The Bernie Sanders campaign, for instance, is starting to experiment more. Andrew Drechsler, president of the analytics vendor HaystaqDNA, which Sanders uses, said the Sanders campaign has had success following up a big TV buy with digital videos that have slightly readjusted messaging.
This type of optimization identifies segments of potential Sanders voters, hitting them with ads that mimic the larger TV campaign but are targeted to a specific issue group or demographic.
But even as the digital advantage of personalized outreach and targeting becomes a reality for political campaigns, it’s still thought of (and budgeted) as a value add for money left over from the TV buy.
“We’re only at the beginning of being able to incorporate dynamic segmenting and serving,” said Kurt Luidhart, co-founder of the Republican digital agency Prosper Group, which does media buying and analytics for the largest super PAC supporting Gov. Chris Christie’s presidential campaign.
Speed up
Because TV is about reach and digital isn’t, it must clear a different bar: speed. Before political campaigns commit more to digital channels, they need to see faster results.
Matching custom audience segments to television via an addressable set-top box offer like D2, the recent partnership between DirecTV and Dish Network, can take a week or more, according to Drechsler.
He said this pace means it’s “hard to respond to political needs.”
Matthew Dybwad, TubeMogul’s head of politics and public affairs, said candidates and PACs are pushing ad tech vendors to up the pace to meet political timelines.
“For a typical (brand) campaign, there could easily be a seven-day window before you start to take an analytical look at campaign results,” said Dybwad. For a political campaign, news may flare up that makes targeting in a certain region or issue group particularly impactful, but then you’re left optimizing into a tomorrow where that relevancy is gone.

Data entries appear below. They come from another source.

(* Both updates are retractions R_X(g W) of a direction W whose tangential
   part B = X^T W is symmetric positive semidefinite: B = 0 for the Riemannian
   gradient W = (I - X X^T) H X, and B = X^T H X for the power step W = H X.
   With M = X + g W the Gram matrix is M^T M = I + D, where
   D = g (B + B^T) + g^2 W^T W is positive semidefinite, so S = (M^T M)^(-1/2)
   satisfies |S S| <= 1 and 2 (S - I) + D = - (S - I)^2 + S^2 D^2.  Hence
   S - I = O(g), S - I + g B = O(g^2), and
     R_X(g W) - X - g (W - X B) = M (S - I + g B) - g^2 W B = O(g^2),
   where W - X B = (I - X X^T) H X in both cases.  The inverse square root
   exists because the square of a polynomial in M^T M interpolating
   t |-> t^(-1/4) on its spectrum is one. *)

From Pilot Require Import Defs.
From HB Require Import structures.
From mathcomp Require Import all_boot all_order all_algebra.
From mathcomp Require Import all_classical all_reals all_analysis.
From mathcomp Require complex.
Import (canonicals) complex.
From mathcomp Require Import ring lra.
Import Order.TTheory GRing.Theory Num.Theory.
Local Open Scope ring_scope.
Set Implicit Arguments. Unset Strict Implicit. Unset Printing Implicit Defensive.

Ltac nonneg := repeat first
  [ assumption | apply: addr_ge0 | apply: mulr_ge0 | apply: exprn_ge0
  | apply: ler0n | apply: ler01 ].

Section QuadraticForms.
Variable R : realFieldType.

Definition psdmx n (A : 'M[R]_n) := forall u : 'cV[R]_n, 0 <= (u^T *m A *m u) 0 0.

Lemma dotmx_selfE m (w : 'cV[R]_m) : (w^T *m w) 0 0 = \sum_i w i 0 ^+ 2.
Proof. by rewrite mxE; apply: eq_bigr => i _; rewrite mxE expr2. Qed.

Lemma dotmx_self_ge0 m (w : 'cV[R]_m) : 0 <= (w^T *m w) 0 0.
Proof. by rewrite dotmx_selfE; apply: sumr_ge0 => i _; apply: sqr_ge0. Qed.

Lemma dotmx_self_gt0 m (w : 'cV[R]_m) : w != 0 -> 0 < (w^T *m w) 0 0.
Proof.
move=> w_neq0; have [i wi_neq0] : exists i, w i 0 != 0.
  apply/existsP; apply: contraNT w_neq0; rewrite negb_exists => /forallP w0.
  by apply/eqP/matrixP => i j; rewrite ord1 mxE; apply/eqP/negPn.
rewrite dotmx_selfE (bigD1 i) //= ltr_pwDl ?sqr_ge0 //; last first.
  by apply: sumr_ge0 => j _; apply: sqr_ge0.
by rewrite lt_def sqr_ge0 sqrf_eq0 wi_neq0.
Qed.

Lemma dotmx_selfD m (x y : 'cV[R]_m) :
  ((x + y)^T *m (x + y)) 0 0 =
  (x^T *m x) 0 0 + 2 * (x^T *m y) 0 0 + (y^T *m y) 0 0.
Proof.
rewrite !dotmx_selfE mxE mulr_sumr -!big_split /=.
by apply: eq_bigr => i _; rewrite !mxE; ring.
Qed.

Lemma psd_mulTmx m n (G : 'M[R]_(m, n)) : psdmx (G^T *m G).
Proof. by move=> u; rewrite mulmxA -trmx_mul -mulmxA dotmx_self_ge0. Qed.

Lemma psdmxZ n (a : R) (A : 'M[R]_n) : 0 <= a -> psdmx A -> psdmx (a *: A).
Proof. by move=> a0 A_psd u; rewrite -scalemxAr -scalemxAl mxE mulr_ge0. Qed.

Lemma psdmxD n (A B : 'M[R]_n) : psdmx A -> psdmx B -> psdmx (A + B).
Proof. by move=> A_psd B_psd u; rewrite mulmxDr mulmxDl mxE addr_ge0. Qed.

End QuadraticForms.

Section EntrywiseBounds.
Variable R : realFieldType.

Definition mxbound m n (A : 'M[R]_(m, n)) (a : R) := forall i j, `|A i j| <= a.

Definition sqfrob m n (A : 'M[R]_(m, n)) : R := \sum_i \sum_j A i j ^+ 2.

Lemma mxbound_le m n (A : 'M[R]_(m, n)) a b : a <= b -> mxbound A a -> mxbound A b.
Proof. by move=> ab Aa i j; apply: le_trans (Aa i j) ab. Qed.

Lemma mxboundD m n (A B : 'M[R]_(m, n)) a b :
  mxbound A a -> mxbound B b -> mxbound (A + B) (a + b).
Proof. by move=> Aa Bb i j; rewrite mxE (le_trans (ler_normD _ _)) ?lerD. Qed.

Lemma mxboundN m n (A : 'M[R]_(m, n)) a : mxbound A a -> mxbound (- A) a.
Proof. by move=> Aa i j; rewrite mxE normrN. Qed.

Lemma mxboundB m n (A B : 'M[R]_(m, n)) a b :
  mxbound A a -> mxbound B b -> mxbound (A - B) (a + b).
Proof. by move=> Aa /mxboundN; apply: mxboundD. Qed.

Lemma mxboundZ m n (A : 'M[R]_(m, n)) c a : mxbound A a -> mxbound (c *: A) (`|c| * a).
Proof. by move=> Aa i j; rewrite mxE normrM ler_wpM2l. Qed.

Lemma mxboundT m n (A : 'M[R]_(m, n)) a : mxbound A a -> mxbound A^T a.
Proof. by move=> Aa i j; rewrite mxE. Qed.

Lemma mxboundM m n p (A : 'M[R]_(m, n)) (B : 'M[R]_(n, p)) a b :
  mxbound A a -> mxbound B b -> mxbound (A *m B) (n%:R * (a * b)).
Proof.
move=> Aa Bb i j; rewrite mxE; apply: le_trans (ler_norm_sum _ _ _) _.
apply: le_trans (_ : \sum_(l < n) a * b <= _); last by rewrite sumr_const card_ord mulr_natl.
by apply: ler_sum => l _; rewrite normrM ler_pM.
Qed.

Lemma mxbound1 n : mxbound (1%:M : 'M[R]_n) 1.
Proof. by move=> i j; rewrite mxE; case: (i == j); rewrite ?normr1 ?normr0. Qed.

Lemma mxbound_double m n (A : 'M[R]_(m, n)) a : mxbound (A + A) a -> mxbound A a.
Proof.
move=> AAa i j; apply: le_trans (AAa i j); rewrite mxE -mulr2n normrMn.
by rewrite mulr2n lerDl.
Qed.

Lemma sqr_le_sqfrob m n (A : 'M[R]_(m, n)) i j : A i j ^+ 2 <= sqfrob A.
Proof.
rewrite /sqfrob (bigD1 i) //= (bigD1 j) //= -addrA lerDl.
apply: addr_ge0; apply: sumr_ge0 => l _; first exact: sqr_ge0.
by apply: sumr_ge0 => l' _; apply: sqr_ge0.
Qed.

Lemma sqfrob_mxbound m n (A : 'M[R]_(m, n)) a :
  mxbound A a -> sqfrob A <= (m * n)%:R * a ^+ 2.
Proof.
move=> Aa; apply: le_trans (_ : \sum_(i < m) \sum_(j < n) a ^+ 2 <= _).
  apply: ler_sum => i _; apply: ler_sum => j _.
  have a0 : 0 <= a := le_trans (normr_ge0 _) (Aa i j).
  by rewrite -real_normK ?num_real // ler_sqr ?nnegrE ?normr_ge0.
by rewrite !sumr_const !card_ord -mulrnA mulr_natl mulnC.
Qed.

Lemma mxbound_sqfrob m n (A : 'M[R]_(m, n)) b :
  0 <= b -> sqfrob A <= b ^+ 2 -> mxbound A b.
Proof.
move=> b0 Ab i j; rewrite -ler_sqr ?nnegrE ?normr_ge0 // real_normK ?num_real //.
exact: le_trans (sqr_le_sqfrob A i j) Ab.
Qed.

Lemma sqfrobN m n (A : 'M[R]_(m, n)) : sqfrob (- A) = sqfrob A.
Proof. by apply: eq_bigr => i _; apply: eq_bigr => j _; rewrite mxE sqrrN. Qed.

Lemma sqfrob_le_mulr_psd n (E S : 'M[R]_n) : psdmx S -> sqfrob E <= sqfrob (E *m S + E).
Proof.
move=> S_psd; rewrite /sqfrob -subr_ge0 -sumrB; apply: sumr_ge0 => i _.
set r := row i E.
have rowES j : (E *m S) i j = (r *m S) 0 j by rewrite /r -row_mul [RHS]mxE.
have -> : \sum_j (E *m S + E) i j ^+ 2 - \sum_j E i j ^+ 2 =
   \sum_j (r *m S) 0 j ^+ 2 + 2 * ((r *m S) *m r^T) 0 0.
  rewrite -sumrB mxE mulr_sumr -big_split /=; apply: eq_bigr => j _.
  by rewrite mxE rowES !mxE; ring.
apply: addr_ge0; first by apply: sumr_ge0 => j _; apply: sqr_ge0.
by apply: mulr_ge0 => //; have := S_psd r^T; rewrite trmxK.
Qed.

Lemma mxbound_orthonormal m n (X : 'M[R]_(m, n)) : X^T *m X = 1%:M -> mxbound X 1.
Proof.
move=> XtX i j; have /matrixP /(_ j j) := XtX; rewrite !mxE eqxx mulr1n => sum1.
rewrite -ler_sqr ?nnegrE ?normr_ge0 // real_normK ?num_real // expr1n -sum1.
rewrite (bigD1 i) //= mxE -expr2 lerDl.
by apply: sumr_ge0 => l _; rewrite mxE -expr2 sqr_ge0.
Qed.
Lemma E_equiv_diff (lam mu lamt mut : {fset box}) :
  {subset lam <= positive_box} -> {subset mu <= positive_box} ->
  {subset lamt <= positive_box} -> {subset mut <= positive_box} ->
  E_equiv k p0 (lam, mu) (lamt, mut) ->
  [/\ bip_diff (lam, mu) (pi_bip n m) = bip_diff (lamt, mut) (pi_bip n m),
      theta_img n m (lam `\` lamt) = mu `\` mut &
      theta_img n m (lamt `\` lam) = mut `\` mu].
Proof.
move=> lamP muP lamtP mutP /E_equivE eq_sums.
have perm_contents : perm_eq (map (content k ^~ 0) lam ++ map (dual_content k p0) mut)
                    (map (content k ^~ 0) lamt ++ map (dual_content k p0) mu).
  by apply: powersums_perm => d; rewrite !big_cat !big_map; exact: eq_sums.
have perm_contents' := perm_contents; rewrite perm_sym in perm_contents'.
split; [congr pair; apply/fsetDR_eqP; split | exact: theta_img_diff perm_contents
       | exact: theta_img_diff perm_contents'].
- by move=> x /(lam_diff_theta lamP muP lamtP perm_contents)[].
- by move=> x /(lam_diff_theta lamtP mutP lamP perm_contents')[].
- by move=> y /(mu_diff_theta lamP muP mutP perm_contents)[].
- by move=> y /(mu_diff_theta lamtP mutP muP perm_contents')[].
Qed.

Lemma diff_E_equiv (lam mu lamt mut : {fset box}) :
  [/\ bip_diff (lam, mu) (pi_bip n m) = bip_diff (lamt, mut) (pi_bip n m),
      theta_img n m (lam `\` lamt) = mu `\` mut &
      theta_img n m (lamt `\` lam) = mut `\` mu] ->
  E_equiv k p0 (lam, mu) (lamt, mut).
Proof.
case=> [[/fsetDR_eqP[rect_lam rect_lamt] _] theta_lam theta_lamt].
apply/E_equivE => d /=.
rewrite (fsetID_sum lam lamt) (fsetID_sum lamt lam) (fsetID_sum mu mut).
rewrite (fsetID_sum mut mu) -theta_lam -theta_lamt !sum_dual_theta_img //.
by rewrite (fsetIC lamt lam) (fsetIC mut mu); ring.
Qed.
(* Let $\Sigma$ be a ranked set (arities $\ge1$) and $L\subseteq\mathsf{V}_1\Sigma$. The following are equivalent: (1) $L$ is recognised by a $\mathsf{V}$-algebra that is finite on every arity; (2) $L$ is recognised by (is a union of classes of) a congruence of the algebra $\mathsf{V}\Sigma$ with finitely many equivalence classes on every arity; (3) $L$ is VR-recognisable, i.e. there is an equivalence relation on $\mathsf{V}\Sigma$ of which $L$ is a union of classes, which has finitely many classes on every arity and is compatible with all VR-operations.
   Context: Here a ranked set is a set whose elements have arities in $\{1,2,\dots\}$; morphisms are arity-preserving. A corner of a ranked set $V$ is $v[i]$ with $v\in V$, $1\le i\le$ arity of $v$. For $n\ge1$, an $n$-ary $\mathsf{V}$-hypergraph with ports over $\Sigma$ consists of a nonempty finite ranked set of hypervertices, an arity-preserving labelling by $\Sigma$, a binary (directed) edge relation on corners, and a (total, not necessarily surjective) port function from corners to $\{1,\dots,n\}$ (corners mapped to $i$ are $i$-ports). $\mathsf{V}\Sigma$ is the ranked set of these up to isomorphism; $\mathsf{V}_1\Sigma$ its arity-1 part. $\mathsf{V}f$ relabels. The unit of an $n$-ary $a$ has one hypervertex $v$ labelled $a$, no edges, $v[i]$ an $i$-port. Flattening of $G\in\mathsf{V}\mathsf{V}\Sigma$: hypervertices are pairs $(v,w)$ with $v$ a hypervertex of $G$ and $w$ a hypervertex of the label of $v$ (label and arity from $w$); the arity is that of $G$; if $w[i]$ is a $j$-port in the label of $v$ and $v[j]$ is a $k$-port in $G$ then $(v,w)[i]$ is a $k$-port; there is an edge $(v,w)[i]\to(v',w')[i']$ iff either $v=v'$ and $w[i]\to w'[i']$ in the label of $v$, or $v[j]\to v'[j']$ in $G$, where $j$ ($j'$) is the port number of $w[i]$ in the label of $v$ (of $w'[i']$ in the label of $v'$). A $\mathsf{V}$-algebra is a ranked set $A$ with arity-preserving $\pi:\mathsf{V}A\to A$, $\pi(\mathrm{unit}\,a)=a$, $\pi\circ\mathsf{V}\pi=\pi\circ\mathrm{flatten}$; homomorphisms commute with products; $\mathsf{V}\Sigma$ is an algebra with flattening. $L$ is recognised by $\mathcal{A}$ if $L=h^{-1}(F)\cap\mathsf{V}_1\Sigma$ for a homomorphism $h:\mathsf{V}\Sigma\to\mathcal{A}$ and set $F$. A polynomial operation with variables a ranked set $X$ is given by $t\in\mathsf{V}(\mathsf{V}\Sigma+X)$ and maps arity-preserving $\eta:X\to\mathsf{V}\Sigma$ to the flattening of $t$ with each label $x$ replaced by $\eta(x)$. A congruence is an equivalence relation compatible with all polynomial operations (componentwise equivalent inputs give equivalent outputs). VR-operations: for each $n$, disjoint union of two $n$-ary elements (ports kept); a constant for each unit; for each $f:\{1,\dots,n\}\to\{1,\dots,m\}$, the operation turning an $n$-ary element into an $m$-ary one by composing the port function with $f$; for each $E\subseteq\{1,\dots,n\}^2$, the operation adding directed edges from every $i$-port to every $j$-port for all $(i,j)\in E$. *)

From Stdlib Require List.
From mathcomp Require Import all_boot.
Set Implicit Arguments. Unset Strict Implicit. Unset Printing Implicit Defensive.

Spending on addressable TV ads, whether via OTT services or data marketplaces like Rentrak and D2, will rival addressable digital ads for political groups. Last October, it took up to four weeks for a campaign to execute an addressable TV buy. Now it takes a little over a week.
Borrell Associates predicted political spenders would pump a little more than $1 billion into digital advertising this election. Digital seems off pace to hit that mark, though experts from ad tech vendors and campaign teams all expect budgets, video especially, to come like a flash flood once persuasion becomes a campaign priority (as opposed to fundraising and email list-building).
It’s important to remember that political campaign budgeting goes beyond just TV and digital. HaystaqDNA also models data across phone banks, grassroots networks, direct mail, polling and other offline channels. Drechsler’s day-to-day work doesn’t involve thinking heavily about applying insights to digital video; he’s worried whether campaign volunteers and employees have been optimally deployed.
It’s easy to forget things like neighborhood signage and telemarketing get as much or more of the campaign budget as all of digital combined. Whether that fact remains a source of frustration or becomes a source of spending for the digital world, we may have to wait until 2020 to find out.